- [GIVEN RECORDS]:
[Start of Attachment]

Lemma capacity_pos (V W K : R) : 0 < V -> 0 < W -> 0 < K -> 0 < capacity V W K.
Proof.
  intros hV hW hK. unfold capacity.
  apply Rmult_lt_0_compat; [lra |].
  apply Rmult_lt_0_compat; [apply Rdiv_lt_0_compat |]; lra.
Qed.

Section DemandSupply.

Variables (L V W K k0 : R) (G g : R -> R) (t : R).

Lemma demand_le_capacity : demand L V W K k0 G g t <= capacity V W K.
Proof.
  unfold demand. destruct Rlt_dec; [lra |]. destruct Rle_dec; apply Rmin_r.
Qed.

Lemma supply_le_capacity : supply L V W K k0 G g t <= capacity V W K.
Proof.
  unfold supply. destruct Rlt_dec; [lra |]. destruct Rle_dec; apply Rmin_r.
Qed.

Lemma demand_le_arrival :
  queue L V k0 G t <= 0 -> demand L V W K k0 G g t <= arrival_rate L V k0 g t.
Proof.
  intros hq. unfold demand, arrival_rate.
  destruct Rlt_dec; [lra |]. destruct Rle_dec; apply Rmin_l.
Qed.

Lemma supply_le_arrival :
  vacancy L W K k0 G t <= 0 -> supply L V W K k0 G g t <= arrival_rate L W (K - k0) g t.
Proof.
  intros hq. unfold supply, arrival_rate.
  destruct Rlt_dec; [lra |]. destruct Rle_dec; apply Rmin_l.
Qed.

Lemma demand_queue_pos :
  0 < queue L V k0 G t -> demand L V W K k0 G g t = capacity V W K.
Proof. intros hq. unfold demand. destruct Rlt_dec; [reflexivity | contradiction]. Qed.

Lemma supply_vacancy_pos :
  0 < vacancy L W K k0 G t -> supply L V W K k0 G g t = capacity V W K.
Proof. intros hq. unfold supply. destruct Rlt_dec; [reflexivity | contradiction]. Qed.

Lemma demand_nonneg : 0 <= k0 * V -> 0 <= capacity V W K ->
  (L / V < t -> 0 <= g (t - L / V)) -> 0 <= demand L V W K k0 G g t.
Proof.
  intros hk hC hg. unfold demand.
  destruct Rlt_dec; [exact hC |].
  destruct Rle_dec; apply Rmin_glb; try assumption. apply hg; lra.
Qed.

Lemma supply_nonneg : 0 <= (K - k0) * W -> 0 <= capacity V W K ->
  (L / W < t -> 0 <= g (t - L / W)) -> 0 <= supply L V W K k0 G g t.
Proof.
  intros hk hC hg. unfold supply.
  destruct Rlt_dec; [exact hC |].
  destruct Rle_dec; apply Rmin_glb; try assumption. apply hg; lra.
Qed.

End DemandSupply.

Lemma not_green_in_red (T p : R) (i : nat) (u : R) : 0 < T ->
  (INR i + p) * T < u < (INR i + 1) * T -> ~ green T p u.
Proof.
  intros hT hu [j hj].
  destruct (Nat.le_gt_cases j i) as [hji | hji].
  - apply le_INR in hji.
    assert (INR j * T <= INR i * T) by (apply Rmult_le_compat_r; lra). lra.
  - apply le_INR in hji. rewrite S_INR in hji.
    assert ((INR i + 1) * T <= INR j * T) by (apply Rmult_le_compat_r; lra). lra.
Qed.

[End of Attachment]

- [TASK STATEMENT]: Beginning with the line that contains "intros hk hC hg. unfold supply.", restate word for word each line through the last one in the data, and write nothing more.

- [FINISHED EXERCISE]:
  intros hk hC hg. unfold supply.
  destruct Rlt_dec; [exact hC |].
  destruct Rle_dec; apply Rmin_glb; try assumption. apply hg; lra.
Qed.

End DemandSupply.

Lemma not_green_in_red (T p : R) (i : nat) (u : R) : 0 < T ->
  (INR i + p) * T < u < (INR i + 1) * T -> ~ green T p u.
Proof.
  intros hT hu [j hj].
  destruct (Nat.le_gt_cases j i) as [hji | hji].
  - apply le_INR in hji.
    assert (INR j * T <= INR i * T) by (apply Rmult_le_compat_r; lra). lra.
  - apply le_INR in hji. rewrite S_INR in hji.
    assert ((INR i + 1) * T <= INR j * T) by (apply Rmult_le_compat_r; lra). lra.
Qed.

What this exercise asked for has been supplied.